Melody and Prosody

Melody and Prosody are two terms in English language associated with Music and Lyrics respectively. Melody is actually a kind of music created by successive sequencing of musical notes (as compared to Harmony, which is musical effect created by a combination of simultaneously sounded notes like in an orchestra). Melody depends on predefined scale of 7 (or less) notes. I presume Melody is a term that might have evolved from the Sanskrit word MELA. Mela represents a scale of 7 notes but still Mela is much more than just a scale. It also means Sruthi (or basic notes), also ‘vibrations’ both physical and metaphorical and also a general musical atmosphere.

On the other hand Prosody is about the meter, rhythm and intonations of a verse or a poem. Rhythm and meter, although closely related, should be distinguished. Meter is the definitive pattern established for a verse, while rhythm is the actual sound that results from a line of poetry. I presume the term Prosody could have evolved from the Sanskrit word ‘prasa’ which roughly means alliteration in a verse or poetry. Sanskrit and Tamil grammars of so-called prosody describe many types of poetical features such as: prasa, chanda, tala (rhythm) and various other poetical ornamentations. When talking about music, we talk of Melakattu and Talakattu. In Hindi they talk Tal-Mel for a pleasant relationship between any two entities. When we welcome special guests we do it with Mela-talam (மேளதாளம்).

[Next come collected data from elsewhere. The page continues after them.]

Lemma pfun_kinc_le alpha k1 k2 k3 k4 : 0 < alpha -> alpha <= PI -> kinc k1 k2 k3 k4 ->
  pfun (bpt alpha k1) (bpt alpha k2) (bpt alpha k3) (bpt alpha k4) <= 1 / sin (alpha / 2).
Proof.
  intros H0 H1 [K12 [K23 K34]].
  destruct (angle_trig_facts alpha H0 H1) as [Hcs [Hc [Hs [Hsh Hsh2]]]].
  destruct k1 as [x1 |]; [| contradiction]. destruct k2 as [x2 |]; [| contradiction].
  destruct k3 as [x3 |]; [| contradiction]. simpl in K12, K23.
  assert (A1 := pospart_sub_negpart x1). assert (A2 := pospart_sub_negpart x2).
  assert (A3 := pospart_sub_negpart x3).
  assert (G1 := pospart_le _ _ K12). assert (G2 := pospart_le _ _ K23).
  assert (N1 := negpart_le _ _ K12). assert (N2 := negpart_le _ _ K23).
  assert (P12 := pospart_negpart_incr_disjoint _ _ _ K12 K23).
  destruct k4 as [x4 |]; rewrite !bpt_Some.
  - simpl in K34. assert (A4 := pospart_sub_negpart x4).
    assert (G3 := pospart_le _ _ K34). assert (N3 := negpart_le _ _ K34).
    assert (P23 := pospart_negpart_incr_disjoint _ _ _ K23 K34).
    assert (P14 := pospart_negpart_incr_disjoint _ _ _ K12 (Rlt_trans _ _ _ K23 K34)).
    assert (P13 : (pospart x2 - pospart x1) * (negpart x3 - negpart x4) = 0).
    { destruct (Rmult_integral _ _ P14) as [E | E]; [rewrite E; ring |].
      replace (negpart x3 - negpart x4) with 0 by lra. ring. }
    cbn [pfun]. rewrite !(cdist_cone (cos alpha) (sin alpha)) by exact Hcs.
    replace (pospart x4 - pospart x1) with
      ((pospart x2 - pospart x1) + (pospart x3 - pospart x2) + (pospart x4 - pospart x3)) by ring.
    replace (negpart x1 - negpart x4) with
      ((negpart x1 - negpart x2) + (negpart x2 - negpart x3) + (negpart x3 - negpart x4)) by ring.
    replace (pospart x3 - pospart x1) with ((pospart x2 - pospart x1) + (pospart x3 - pospart x2))
      by ring.
    replace (negpart x1 - negpart x3) with ((negpart x1 - negpart x2) + (negpart x2 - negpart x3))
      by ring.
    replace (pospart x4 - pospart x2) with ((pospart x3 - pospart x2) + (pospart x4 - pospart x3))
      by ring.
    replace (negpart x2 - negpart x4) with ((negpart x2 - negpart x3) + (negpart x3 - negpart x4))
      by ring.
    apply (pfun_cone_bound4 _ (sin alpha)); try assumption; lra.
  - cbn [pfun bpt]. rewrite !(cdist_cone (cos alpha) (sin alpha)) by exact Hcs.
    replace (pospart x3 - pospart x1) with ((pospart x2 - pospart x1) + (pospart x3 - pospart x2))
      by ring.
    replace (negpart x1 - negpart x3) with ((negpart x1 - negpart x2) + (negpart x2 - negpart x3))
      by ring.
    apply (pfun_cone_bound3 _ (sin alpha)); try assumption; lra.
Qed.

Lemma pfun_pos_order_le alpha k1 k2 k3 k4 : 0 < alpha -> alpha <= PI ->
  pos_order k1 k2 k3 k4 ->
  pfun (bpt alpha k1) (bpt alpha k2) (bpt alpha k3) (bpt alpha k4) <= 1 / sin (alpha / 2).
Proof.
  intros H0 H1 [K | [K | [K | K]]].
  - exact (pfun_kinc_le _ _ _ _ _ H0 H1 K).
  - rewrite pfun_rotate. exact (pfun_kinc_le _ _ _ _ _ H0 H1 K).
  - rewrite 2!pfun_rotate. exact (pfun_kinc_le _ _ _ _ _ H0 H1 K).
  - rewrite 3!pfun_rotate. exact (pfun_kinc_le _ _ _ _ _ H0 H1 K).
Qed.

Prasa generally in use are of three types – Dwitiya Akshara Prasa, Prathama Akshara Prasa and Anthima Akshara Prasa.  Verses and poetry in Sanskrit, Tamil and in fact in most of the Indian languages use these prasas. In this post I wish to show how these prasas enhance the musical value, of any poetry, or a musical composition by itself. Let us take the following four lines of beautiful poetry by Mahakavi Subramania Bharathi:

சுட்டும் விழிச் சுடர்தான் கண்ணம்மா

சூரிய  சந்திர ரோ

வட்டக்   கரிய விழி  கண்ணம்மா

வானக் கருமை கொல்லோ

பட்டுக்  கரு நீல  புடவை

பதித்த நல் வயிரம்

நட்ட நடு நிசியில் தெரியும்

நட்சத் திரங்க ளடி

 

Suttum, Vatta, Pattu and Natta appearing as the first words of each line alliterate using Dwitiya Akshara Prasa; (i.e.) their second syllable ‘tt’ repeat in each line. This is also known as Edhukai (எதுகை) in Tamil.  In addition, the second part of each line rhymes as below:

(Suttum, Soorya) – (Vatta, Vaana) – (Pattu, Padhittha) – (Natta, Natsha) : the first letters of the pair of words alliterate. This is known as Prathama Akshara Prasa or Monai  (மோனை) in Tamil.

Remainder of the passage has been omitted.